Does your pooch bark at every visitor who walks in your door? He does this for several reasons, based on the fact he is territorial. He barks to let you know there are intruders in his territory. In essence, your pup is quite sure in his mind that barking like this is his job and he is proud of being able to do it well. Okay, so although barking is a natural behavior in your pup, there are times when this type of behavior is completely unacceptable. One thing worth knowing is that if your dog thinks you are ignoring him, he may get frustrated and bark even more. The good news is that with a little time, effort, and patience, you can train him not to bark every time a visitor comes to the door.

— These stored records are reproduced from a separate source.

Lemma perm_filter_mem (U a : seq nat) : uniq U -> uniq a -> {subset a <= U} ->
  perm_eq a [seq x <- U | x \in a].
Proof.
move=> uU ua aU; apply: uniq_perm => //; first exact: filter_uniq.
by move=> x; rewrite mem_filter andb_idr //; apply: aU.
Qed.

Lemma mem_arrangements U l a : uniq U ->
  (a \in arrangements U l) = [&& uniq a, size a == l & all (mem U) a].
Proof.
move=> uU; apply/allpairsPdep/and3P => [[A [a' [hA ha' ->]]]|[ua /eqP sa /allP aU]].
  move: hA ha'; rewrite mem_ksubseqs // mem_permutations => /andP [sA /eqP <-] pa.
  rewrite (perm_uniq pa) (subseq_uniq sA uU) (perm_size pa) eqxx; split=> //.
  by apply/allP => x; rewrite (perm_mem pa) => /(mem_subseq sA).
exists [seq x <- U | x \in a], a; split => //.
  by rewrite mem_ksubseqs // filter_subseq -(perm_size (perm_filter_mem uU ua aU)) sa /=.
by rewrite mem_permutations perm_filter_mem.
Qed.

Lemma uniq_arrangements U l : uniq U -> uniq (arrangements U l).
Proof.
move=> uU; apply: allpairs_uniq_dep => [|A _|]; rewrite ?uniq_ksubseqs ?permutations_uniq //.
move=> [A1 a1] [A2 a2] /allpairsPdep [B1 [b1 [h1 hb1 [-> ->]]]].
move=> /allpairsPdep [B2 [b2 [h2 hb2 [-> ->]]]] /= eb; subst b2.
move: h1 h2 hb1 hb2; rewrite !mem_ksubseqs // !mem_permutations => /andP [s1 _] /andP [s2 _] p1 p2.
suff -> : B1 = B2 by [].
rewrite (subseq_uniqP uU s1) (subseq_uniqP uU s2); apply: eq_filter => x.
by rewrite -(perm_mem p1) (perm_mem p2).
Qed.

Lemma perm_permutations_arrangements U l : uniq U -> l <= size U ->
  perm_eq (permutations U)
    [seq a ++ b | a <- arrangements U l, b <- permutations [seq x <- U | x \notin a]].
Proof.
move=> uU lU; apply: uniq_perm; first exact: permutations_uniq.
  apply: allpairs_uniq_dep => [|a _|]; rewrite ?uniq_arrangements ?permutations_uniq //.
  move=> [a1 b1] [a2 b2] /allpairsPdep [c1 [d1 [h1 _ [-> ->]]]].
  move=> /allpairsPdep [c2 [d2 [h2 _ [-> ->]]]] /= e.
  move: h1 h2; rewrite !mem_arrangements // => /and3P [_ /eqP s1 _] /and3P [_ /eqP s2 _].
  have ec : c1 = c2 by rewrite -(take_size_cat d1 s1) e take_size_cat.
  have ed : d1 = d2 by rewrite -(drop_size_cat d1 s1) e drop_size_cat.
  by rewrite ec ed.
move=> p; rewrite mem_permutations; apply/idP/allpairsPdep => [pU|[a [b [ha hb ->]]]].
  have up : uniq p by rewrite (perm_uniq pU).
  exists (take l p), (drop l p); split; rewrite ?cat_take_drop //.
    rewrite mem_arrangements // take_uniq //= size_takel ?(perm_size pU) // eqxx /=.
    by apply/allP => x /mem_take; rewrite (perm_mem pU).
  rewrite mem_permutations; apply: uniq_perm; rewrite ?drop_uniq ?filter_uniq //.
  move=> x; rewrite mem_filter -(perm_mem pU) -[in x \in p](cat_take_drop l p) mem_cat.
  have /hasPn dt : ~~ has (mem (take l p)) (drop l p).
    by have := up; rewrite -{1}(cat_take_drop l p) cat_uniq => /and3P [].
  case xd: (x \in drop l p); last by rewrite orbF andNb.
  by rewrite orbT andbT; apply/esym; apply: dt.
move: ha hb; rewrite mem_arrangements // mem_permutations => /and3P [ua _ /allP aU] pb.
apply: perm_trans (perm_cat (perm_filter_mem uU ua aU) pb) _.
exact/permPl/perm_filterC.
Qed.

Lemma count_sum (T : Type) (P : pred T) (s : seq T) : count P s = \sum_(x <- s) P x.
Proof. by rewrite -sum1_count big_mkcond. Qed.

Lemma size_filter_notin (U a : seq nat) : uniq U -> uniq a -> {subset a <= U} ->
  size [seq x <- U | x \notin a] = size U - size a.
Proof.
move=> uU ua aU; have /permPl/perm_size := perm_filterC (mem a) U.
by rewrite size_cat -(perm_size (perm_filter_mem uU ua aU)) => <-; rewrite addKn.
Qed.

The command you decide to use is up to you, but keep it simple. Use something along the lines of "Quiet" or "Hush". Whatever you choose, keep it simple and use the same command each time, otherwise, you might confuse your dog. In reality, what you want your dog to do when someone comes to the door is to behave and remain quiet. The hard part is that this behavior goes against his nature, so it will take a lot of patience and practice to get him to the point where he completely ignores the doorbell or when anyone knocks on the door.
This is an important behavior that can be taught to any dog who is old enough to have mastered the basic commands. It can take several weeks for your pup to master this behavior, but if you are willing to train him on a daily basis, you can speed up the process.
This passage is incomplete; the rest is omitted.